I think that's about it for the easy stuff. More advanced stuff is using a secure OS, using a hotspot that can't be traced back to you, and living in a place that can't be traced back to you (surprisingly easy, just find a place that takes cash, and route all mail to a PO box or dead drop). These things alone will make you very difficult to trace.
What is the most optimal way for a complete tech noob to get as anonymous as possible? I ask this because recently I've gotten really paranoid redpilled about everything tech-related stuff, but I'm quite literally as unknowledgeable about it as someone posting on site can be. But this also interests me on a purely hypothetical level.

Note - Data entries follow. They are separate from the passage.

Lemma truth_var p : truth_at (Var p).
Proof.
move=> w t k v j Ww Ew Ej _ /=; split => [[t' [k' [v' [j' [E' Ej' T']]]]]|Tj].
  move: E'; rewrite Ew => -[Et _ _]; subst t'.
  rewrite (typ_eq (j := j') _ (etrans Ej (esym Ej'))) //.
  by apply: wf_head_cons (k) (v) _; rewrite -Ew.
by exists t, k, v, j.
Qed.

Lemma truth_and a b : truth_at a -> truth_at b -> truth_at (And a b).
Proof.
move=> IHa IHb w t k v j Ww Ew Ej /= Ho; have [[j1 E1] [j2 E2]] := in_clo_and Ej.
have Ct : typ_cons t by apply: wf_head_cons (k) (v) _; rewrite -Ew.
rewrite (typ_and (j := j1) (k := j2) Ct) ?Ej ?E1 ?E2 //.
rewrite (IHa w t k v j1) ?(IHb w t k v j2) //; last 2 first.
- exact: leq_ltn_trans (leq_maxr _ _) Ho.
- exact: leq_ltn_trans (leq_maxl _ _) Ho.
by split => [[-> ->]|/andP].
Qed.

Lemma truth_not a : truth_at a -> truth_at (Not a).
Proof.
move=> IH w t k v j Ww Ew Ej /= Ho; have [j1 E1] := in_clo_arg Ej (or_introl erefl).
have Ct : typ_cons t by apply: wf_head_cons (k) (v) _; rewrite -Ew.
rewrite (typ_not (j := j1) Ct) ?Ej ?E1 // (IH w t k v j1) //.
by split => /negP.
Qed.

(** The box case uses [box_witness] for a false box, and [prec] for a true one. *)
Lemma truth_box a : truth_at a -> truth_at (Box a).
Proof.
move=> IH w t k v j Ww Ew Ej /= Ho; have [j1 E1] := in_clo_arg Ej (or_intror (or_introl erefl)).
split => [Hs|Tj y [Ry Wy]].
  case Tj: (tnth t j) => //; exfalso.
  have Gx : good ((t, k) :: v) by rewrite -Ew; split => //; rewrite -mem_points; apply: ssvalP.
  have [u [k' [w' [Gy Ry Fy]]]] := box_witness Gx Ej Tj.
  have Iy : (u, k') :: w' \in points by rewrite mem_points; case: Gy.
  pose y : point := SeqSub Iy.
  have Hy : canR w y by split; [rewrite Ew | case: Gy].
  have Sy : next_depth a < size (ssval y) by rewrite [ssval y]/= -(chainR_size Ry) -Ew.
  by have := proj1 (IH y u k' w' j1 (proj1 Gy) erefl E1 Sy) (Hs y Hy); rewrite Fy.
have Sy := chainR_size Ry; move: Ry; rewrite Ew.
case Ey: (ssval y) Sy => [|[u k'] w'] //= Sy [Pr _ _].
apply/(IH y u k' w' j1 Wy Ey E1); first by rewrite Ey /= -Sy.
by case: (Pr j a Ej Tj) => _; apply.
Qed.

(** The next case uses the agreement of [○]-subformulas along a consistent chain. *)
Lemma truth_next a : truth_at a -> truth_at (Next a).
Proof.
move=> IH w t k v j Ww Ew Ej; have [j1 E1] := in_clo_arg Ej (or_intror (or_intror erefl)).
rewrite Ew /= ltnS; case: v Ew => [|[t2 k2] v2] Ew Ho; first by rewrite ltn0 in Ho.
have Efw : ssval (canf w) = (t2, k2) :: v2 by rewrite /= Ew.
have Wfw : wf (ssval (canf w)) by rewrite Efw; apply: (@wf_tail (t, k)); rewrite -Ew.
apply: (iff_trans (IH (canf w) t2 k2 v2 j1 Wfw Efw E1 _)); first by rewrite Efw.
have Ej' : sf j = Next (sf j1) by rewrite Ej E1.
by rewrite (typ_next Ej' (proj1 (_ : wf ((t, k) :: (t2, k2) :: v2)))) // -Ew.
Qed.

Lemma truth_lemma a : truth_at a.
Proof.
elim: a => [p|a IHa b IHb|a IHa|a IHa|a IHa].
- exact: truth_var.
- exact: truth_and.
- exact: truth_not.
- exact: truth_box.
- exact: truth_next.
Qed.

(** Chains of length [n] with budgets [c, c + m, c + 2m, ...]: every point
    is described by one of them, and their budgets leave room for all gaps. *)
Fixpoint root_chains n c : seq (seq entry) :=
  if n is n'.+1 then extensions c (root_chains n' (c + m)) else [:: [::]].

Lemma root_cover n c : GLC (bigOr (map chainF (root_chains n c))).
Proof.
elim: n c => [|n IH] c /=; first by apply: ax_taut; ptaut.
exact: rule_MP (next_cover c _) (rule_Nec_next (IH (c + m))).
Qed.

Lemma root_chains_spec n c l : List.In l (root_chains n c) ->
  [/\ size l = n, budgets_ok l, (0 < n -> budget l = c) & all (fun e => e.2 <= c + n * m) l].
Proof.
elim: n c l => [|n IH] c l /=; first by case=> // <-.
move=> Hin; have [t [l' [_ Hl' ->]]] := In_allpairs_inv Hin.
have [S1 O1 B1 A1] := IH _ _ Hl'.
split => //=; first by rewrite S1.
- split => // Hne; have n0 : 0 < n by rewrite -S1 lt0n size_eq0; apply/eqP.
  by rewrite B1 //; have := gap_le t; lia.
- apply/andP; split; first by lia.
  by apply/allP => e He; have := allP A1 e He; rewrite mulSn /=; lia.
Qed.

Lemma refuting_chain : consistent (Not phi) -> exists t k v,
  [/\ good ((t, k) :: v), size ((t, k) :: v) = depth
    & consistent (And (Not phi) (chainF ((t, k) :: v)))].
Proof.
move=> Cn; have H : GLC (Imp (Not phi) (bigOr (map chainF (root_chains depth 0)))).
  by apply: (glc_from (root_cover depth 0)); ptaut.
have [b Hb Cb] := cons_or Cn H; have [l Hl Eb] := In_map_inv Hb; subst b.
have [S O _ A] := root_chains_spec Hl.
have Wl : wf l by split => //; apply: cons_weak Cb; apply: ax_taut; ptaut.
clear Hb; case: l Hl S O A Wl Cb => [|[t k] v] Hl S O A Wl Cb; first by [].
exists t, k, v; split => //; split => //.
by rewrite /bounded S leqnn; rewrite add0n in A.
Qed.

Lemma sf_phi : exists j : 'I_m, sf j = phi.
Proof.
have m0 : 0 < m by rewrite /m /clo; case: (phi).
by exists (Ordinal m0); rewrite /sf /clo; case: (phi).
Qed.

Theorem completeness : (forall F, is_dynGL F -> valid_on F phi) -> GLC phi.
Proof.
move=> Hv; apply: NNPP => Hn.
have Cn : consistent (Not phi) by move=> H; apply: Hn; apply: (glc_from H); ptaut.
have [t [k [v [[Wx Bx] Sx Cx]]]] := refuting_chain Cn.
have [j0 Ej0] := sf_phi.
have Tj : tnth t j0 = false.
  by apply: (cons_typ_false Cx); [|rewrite Ej0]; apply: ax_taut; ptaut.
have Ix : (t, k) :: v \in points by rewrite mem_points.
have Ho : next_depth phi < size ((t, k) :: v) by rewrite Sx.
have := proj1 (truth_lemma (w := SeqSub Ix) Wx erefl Ej0 Ho) (Hv canon canon_GL canV _).
by rewrite Tj.
Qed.
End Completeness.

Theorem mainTheorem6 (PV : Type) (p0 : PV) (phi : form PV) :
  GLC phi <-> (forall F : finDynFrame, is_dynGL F -> valid_on F phi).
Proof. by split; [exact: soundness | exact: (@completeness _ p0 phi)]. Qed.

So let's first assume Linux is not an option for OS: even if I was capable of learning how to use it with intense enough autism, your average normie wouldn't. So what would one go for? Get some old Windows OS like XP onto a laptop you obviously never use for non-anonymous posting/messaging? Or is there another option? Surely the older OS's aren't as riddled with backdoors etc. as the newer ones right? What about e-mail, is something like ProtonMail the most optimal, even despite it not being actually that anomymous in specific situations? Duckduckgoy for browser, or is there something better a tech noob could use with some effort?
Of course it can be debated what is the most effort one should have to put into it with it still being "tech noob -friendly". That would probably depend on the goals: if it's anonymity for anonymity's sake, not too much effort would make sense.